Он повесил куртку на вешалку и проследовал за Джексоном на кухню.
— Значит, Гриф не трепался?
— Представь себе, нет, — Верховцев подвинул табурет и устало на него опустился. — Гриф говорил правду. У меня в «Юпитер-банке» бывшая одноклассница работает, причем из высших чинов, в генералитете, так сказать, состоит. У нас с ней в школьные годы вроде как роман был с тургеневским названием — «Первая любовь», пришлось спекульнуть на чувствах юности далекой… Короче, такой факт имел место, но самое удивительное — деньги были получены по всем банковским канонам. Никакого подлога, все было оформлено по всем правилам, тип-топ, комар носа не подточит… Но еще поразительней то, что владелец счета не завопил «караул!» — никаких заявлений или претензий с его стороны банку не поступало. Вот и думай что хочешь…

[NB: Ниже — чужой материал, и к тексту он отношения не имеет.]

Lemma curve_meet_circle_finite : (exists p, ~ (curve f p <-> circle a b d p)) ->
  exists E : seq (K * K), forall y, curve f y -> distA2 y = d ^+ 2 -> y \in E.
Proof.
move=> [p fp_circle].
case: (classic (curve f p)) => [fp|nfp].
  have pc : ev2 (distA2_poly - (d ^+ 2)%:P%:P) p != 0.
    by rewrite ev2B ev2_distA2 ev2CC subr_eq0; apply/eqP => cp; apply: fp_circle.
  have [L LP] := irreducible_meet_finite f_irr fp pc.
  by exists L => y fy yd; apply: LP fy _; rewrite ev2B ev2_distA2 ev2CC yd subrr.
have cp : circle a b d p by apply: NNPP => ncp; apply: fp_circle.
have [i i2] := exists_sqrt (-1 : K).
have [Phi [k PhiP]] : laurent (fun t => ev2 f (circle_pt i t)).
  apply: laurent_ext (ev2_closed_class laurent_ext laurent_cst laurentD laurentM f
    (laurent_shift a (2^-1) (d ^+ 2)) (laurent_shift b ((2 * i)^-1) (- d ^+ 2))) _ => t.
  by [].
have [tp0 tpK] := circle_ptK i2 cp.
have Phi0 : Phi != 0.
  apply/eqP => Phi0; apply: nfp; move/eqP: (PhiP _ tp0).
  by rewrite Phi0 horner0 tpK mulf_eq0 expf_eq0 (negPf tp0) andbF => /eqP.
have [rs rsP] := poly_roots_in_seq Phi0.
exists (map (circle_pt i) rs) => y fy yd; have [ty tyK] := circle_ptK i2 yd.
by rewrite -tyK map_f // rsP // -PhiP // tyK fy mulr0.
Qed.

Lemma conch_pt_sub y s : s != 0 ->
  (conch_pt y s).1 - a = (y.1 - a) * (1 + d / s) /\
  (conch_pt y s).2 - b = (y.2 - b) * (1 + d / s).
Proof. by move=> s0; split; rewrite /conch_pt /=; ring. Qed.

Lemma conch_pt_eq_center y s : distA2 y != 0 -> s ^+ 2 = distA2 y ->
  conch_pt y s = (a, b) -> distA2 y = d ^+ 2.
Proof.
move=> y0 sy yA; have s0 := sqrt_distA2_neq0 y0 sy.
have [] := conch_pt_sub y s0; rewrite yA /= !subrr.
case: (eqVneq (1 + d / s) 0) => [u0 _ _|u0 /esym/eqP + /esym/eqP].
  suff -> : d = - s by rewrite sqrrN.
  by rewrite -(divfK s0 d) -mulN1r; congr (_ * _); apply/eqP; rewrite -addr_eq0 addrC u0.
rewrite !mulf_eq0 (negPf u0) !orbF !subr_eq0 => /eqP y1 /eqP y2.
by move: y0; rewrite /distA2 y1 y2 !subrr expr0n addr0 eqxx.
Qed.

(* Away from [A], [y] is recovered from [x = conch_pt y s] and [tau := s + d], which
   satisfies [tau ^+ 2 = distA2 x]: there are two choices. *)
Lemma conch_pt_fiber_finite : (exists p, ~ (curve f p <-> circle a b d p)) ->
  forall x, exists E : seq (K * K), forall y s, curve f y -> distA2 y != 0 ->
    s ^+ 2 = distA2 y -> conch_pt y s = x -> y \in E.
Proof.
move=> not_circle x; have [Ec EcP] := curve_meet_circle_finite not_circle.
case: (eqVneq x (a, b)) => [->|xA].
  by exists Ec => y s fy y0 sy /(conch_pt_eq_center y0 sy); apply: EcP.
have [sig sigx] := exists_sqrt (distA2 x).
pose y_of (tau : K) := (a + (x.1 - a) * ((tau - d) / tau), b + (x.2 - b) * ((tau - d) / tau)).
exists [:: y_of sig; y_of (- sig)] => y s fy y0 sy yx.
have s0 := sqrt_distA2_neq0 y0 sy; set u := 1 + d / s.
have [x1 x2] := conch_pt_sub y s0; rewrite yx -/u in x1 x2.
have u0 : u != 0.
  apply: contraNneq xA => u0; rewrite (surjective_pairing x); apply/eqP.
  by congr (_, _); apply: subr0_eq; rewrite ?x1 ?x2 u0 mulr0.
have tau_u : s + d = s * u by rewrite /u; field.
have yE : y = y_of (s + d).
  rewrite [LHS]surjective_pairing /y_of addrK x1 x2 tau_u.
  by congr (_, _); field; rewrite u0 s0.
have : (s + d) ^+ 2 = sig ^+ 2 by rewrite sigx tau_u exprMn sy /distA2 x1 x2; ring.
by move/eqP; rewrite eqf_sqr yE => /orP [] /eqP ->; rewrite !inE eqxx ?orbT.
Qed.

— Значит, ограбленному это не нужно, точнее не выгодно, а вот почему, это уже другой вопрос, — резонно заметил Джексон.
— Да я над этим башку ломал, но все попусту, мозги, видать, проржавели, — пожаловался детектив.
— Послушай, Олег, водочки не скушаешь? Что-то у тебя вид заморенный. — Джексон вынул из холодильника бутылку с нарядной этикеткой, которая на глазах стала покрываться испариной, как лоб лектора в душном зале. — Очередной кристально чистый продукт от Дяди Сэма, заодно и извилины отшлифуешь.
— Нет, ребята-демократы, только чай! — категорически отверг его предложение Верховцев. — Устал я чертовски, это точно, набегался, как охотничья собака, но пить не хочу и тебе не советую. Новостей полный воз, да какие!.. Их надо на трезвую голову профильтровать и непременно сегодня же.
— Да и у меня к тебе кое-что есть, — многообещающе посмотрел на него Джексон.
— Тем более. Тогда давай как в старые добрые времена заваривай свой коронный крутой чаек на грани чифира.
— Пожалуй, ты прав, — согласился Джексон, убирая бутылку обратно. — Первым делом самолеты… Тогда чаек будет с брусничным вареньем. Я тут у Аркашеньки в кладовке надыбал запасы, наверно, со времен Горбачева. Думаю, не обеднеет наш частный предприниматель от интим-сервиса от одной баночки.
— Что, Аркадий Давидович занялся любимым ремеслом на профессиональной основе? Сочинский ликбез пошел на пользу, теперь ублажает перезрелых дамочек в свободной Риге? — Олегу было действительно любопытно, как устраиваются в столь непростое время, как нынешнее, люди типа Аркаши, которые с детства были не приучены даже подтирать сопли под собственным носом. — Знаешь, эта берлога не тянет на гнездышко для любовных утех. Я бы на месте любой женщины дальше порога сюда не двинулся.
— Э-э, тут не тот вариант. Аркаша не такой поц, чтоб тяжелый хомут на шею вешать, — ухмыльнулся Джексон. — Он привык бабки делать элегантно, не снимая белых перчаток. Он в интим-бизнесе свою нишу отрыл, ты б ни за что до такого не допер, а Аркаша находчивый…
— И что ж он феноменального изобрел?
— Я всех тонкостей не знаю. Он что-то вроде хитрожопенького диспетчера. Если интересно, сам расспроси, он скоро подойти должен.
Джексон выставил на стол чашки, банку с вареньем, полбатона белого хлеба, нож и ложки.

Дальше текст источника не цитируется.